Betty entrò in una raffinata boutique per trovare l’abito del suo matrimonio imminente. Fu subito freddemente snobbata da un commesso per il suo abbigliamento modesto, ma rispose con un atto di generosità che le insegnò una lezione di karma.
Mike lavorava in quella boutique e si vantava di vivere immerso nel lusso. Era piuttosto materialista e giudicava facilmente gli altri.
Una mattina arrivò Betty, una signora anziana. In negozio c’erano solo lui e l’altra commessa, Cassey.
L’aspetto di Betty era molto lontano dagli standard “eleganti” del posto: abiti austeri, capelli trascurati. Non era che tenesse alla moda, lei preferiva coltivare la bellezza interiore e non aveva mai speso troppo per sé stessa. Quel giorno però aveva deciso di esagerare per il matrimonio imminente.

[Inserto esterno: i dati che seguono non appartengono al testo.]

Lemma E_lin_consistency phi N M u eps :
  (1 <= M)%nat ->
  (forall l, u (l + Z.of_nat (2 * M))%Z = u l) ->
  (forall m, Rabs (u (m + 2)%Z - 2 * u (m + 1)%Z + u m) <= eps) ->
  Rabs (E_c_lin phi N M u - E_a_lin phi N M u) <=
  INR M ^ 2 / 2 * zsum (- Z.of_nat N) (Z.of_nat N)
                    (fun k => Rabs (phi_xx phi (IZR k)) * (IZR k ^ 2 * eps) ^ 2).
Proof.
  intros HM Hper Hsd. assert (HM' : 0 < INR M) by (apply lt_0_INR; lia).
  rewrite E_c_lin_sub_E_a_lin by exact HM.
  eapply Rle_trans; [apply zsum_abs|]. rewrite <- zsum_scal. apply zsum_le. intro k.
  pose proof (sq_diff_consistency u (2 * M) eps Hper Hsd (- Z.of_nat M + 1) k) as Hk.
  rewrite mult_INR in Hk. simpl (INR 2) in Hk.
  rewrite !zsum_period_window, !Rabs_mult, (Rabs_right (INR M / 4)) by lra.
  pose proof (Rabs_pos (phi_xx phi (IZR k))).
  apply Rle_trans with (INR M / 4 * Rabs (phi_xx phi (IZR k)) * (2 * INR M * (IZR k ^ 2 * eps) ^ 2)).
  - apply Rmult_le_compat_l; [nra | exact Hk].
  - right. field.
Qed.

Theorem proposition1 (phi : R -> R) (N : nat) (ut : R -> R) :
  (forall r, phi r = phi (Rabs r)) ->
  (forall (k : nat) (x : R), (k <= 4)%nat -> x <> 0 -> ex_derive_n phi k x) ->
  phi_xx phi 1 > 0 ->
  (forall k : nat, (2 <= k)%nat -> phi_xx phi (INR k) <= 0) ->
  (1 <= N)%nat ->
  (forall x, ut (x + 2) = ut x) ->
  (forall (k : nat) (x : R), (k <= 4)%nat -> ex_derive_n ut k x) ->
  (forall x, continuous (Derive_n ut 4) x) ->
  exists C : R, forall M : nat, (1 <= M)%nat ->
    Rabs (E_c_lin phi N M (fun l => ut (IZR l / INR M))
          - E_a_lin phi N M (fun l => ut (IZR l / INR M)))
    <= C * (/ INR M) ^ 2.
Proof.
  intros _ _ _ _ _ Hper Hd _.
  assert (Hut1 : forall t, ex_derive ut t) by (intro t; exact (Hd 1%nat t ltac:(lia))).
  assert (Hut2 : forall t, ex_derive (Derive ut) t) by (intro t; exact (Hd 2%nat t ltac:(lia))).
  assert (Hut3 : forall t, continuous (Derive (Derive ut)) t).
  { intro t. apply (ex_derive_continuous (Derive (Derive ut))). exact (Hd 3%nat t ltac:(lia)). }
  destruct (periodic_second_difference_bound ut 2 ltac:(lra) Hper Hut1 Hut2 Hut3) as [B HB].
  exists (zsum (- Z.of_nat N) (Z.of_nat N)
           (fun k => Rabs (phi_xx phi (IZR k)) * (IZR k ^ 2 * B) ^ 2) / 2).
  intros M HM. assert (HM' : 0 < INR M) by (apply lt_0_INR; lia).
  eapply Rle_trans.
  - apply (E_lin_consistency _ _ _ _ (B * (/ INR M) ^ 2) HM).
    + intro l. rewrite plus_IZR, <- INR_IZR_INZ, mult_INR, <- (Hper (IZR l / INR M)).
      f_equal. simpl. field. lra.
    + intro m. rewrite !plus_IZR.
      replace ((IZR m + 2) / INR M) with (IZR m / INR M + 2 * / INR M) by (field; lra).
      replace ((IZR m + 1) / INR M) with (IZR m / INR M + / INR M) by (field; lra).
      apply HB. left. now apply Rinv_0_lt_compat.
  - right. rewrite (zsum_ext _ _ _ (fun k => (/ INR M) ^ 4 *
      (Rabs (phi_xx phi (IZR k)) * (IZR k ^ 2 * B) ^ 2))) by (intro; ring).
    rewrite zsum_scal. field. lra.
Qed.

Appena entrata, Mike la notò e borbottò mentre scriveva messaggi:
— Guarda un po’! Sembra smarrita dopo la tombola. Quelli capelli… un disastro.
— Non è giusto, Mike — intervenne Cassey. — È comunque una cliente, trattala come gli altri. Devo andare nel retro a prendere il nuovo arrivo.
Mike sbuffò e continuò a digitare. Betty si avvicinò speranzosa, ma lui non la degnava di uno sguardo.
— Mi scusi, signorino, può aiutarmi? — chiese con tono gentile.
— Cosa vuole? — rispose sgarbatamente, senza staccare gli occhi dal telefono.
— Cerco un abito da sposa, mi sposo questa…
— Guarda, non offenderti — lo interruppe lui. — Dall’aspetto mi sembra che qui non ti puoi permettere nulla. Vai al negozio dell’usato a due isolati da qui: troverai qualcosa per il tuo budget.
— Tutto questo solo da come sono vestita? — sussurrò Betty, ferita.

— Fa parte del mio aiuto – rispose lui, sempre senza guardarla – così risparmiamo tempo entrambi.
— E almeno rispetta una signora anziana, no? — replicò Betty con dignità.
Mike alzò le spalle e la ignorò, continuando a messaggiare.
Poco dopo entrò un’altra cliente, elegante e di buon gusto. Mike si fece subito cortese:
— Buongiorno! Che splendida! Come posso aiutarla oggi?
Betty restò ammutolita di fronte al cambiamento improvviso.
Cassey arrivò e, vedendo Betty delusa, decise di occuparsene lei:
— Buongiorno signora! L’ha già seguita qualcuno?
— No, il collega lì non trova il tempo — spiegò Betty.
— Non badate a lui. Accomodatevi, le mostrerò dei modelli — disse Cassey con simpatia.

Betty spiegò che si sposava d’estate e che voleva osare. Cassey sorrise:
— Complimenti! Un matrimonio estivo, meraviglioso. Credo di avere l’abito perfetto. Seguimi.
Mentre Cassey portava vari abiti da provare, Betty si innamorò di uno dei modelli più costosi. Intanto l’altra cliente scattava foto per i social e li cambiava tutti, senza acquistare nulla.
— Scusi — osservò Mike irritato — ma lei ha già provato otto abiti e preso tante foto. Comprerà qualcosa?
— No, stavo solo cercando foto per i miei social — rispose sospesa tra superficialità e disinteresse.
Betty arrivò alla cassa con l’abito elegante, pagò con soldi contanti e lasciò un generoso extra di 5.000 $. Mike restò tramortito, cercando parole:
— Signora… ehm… questa mancia è…
— Signora? Solo un secondo fa ero “nonna”, giusto? — la interruppe Betty con leggiadri distacco.
— Oh… volevo dire… — balbettò Mike imbarazzato.
— Quello che avevo detto: non giudicare dalle apparenze — replicò fredda Betty.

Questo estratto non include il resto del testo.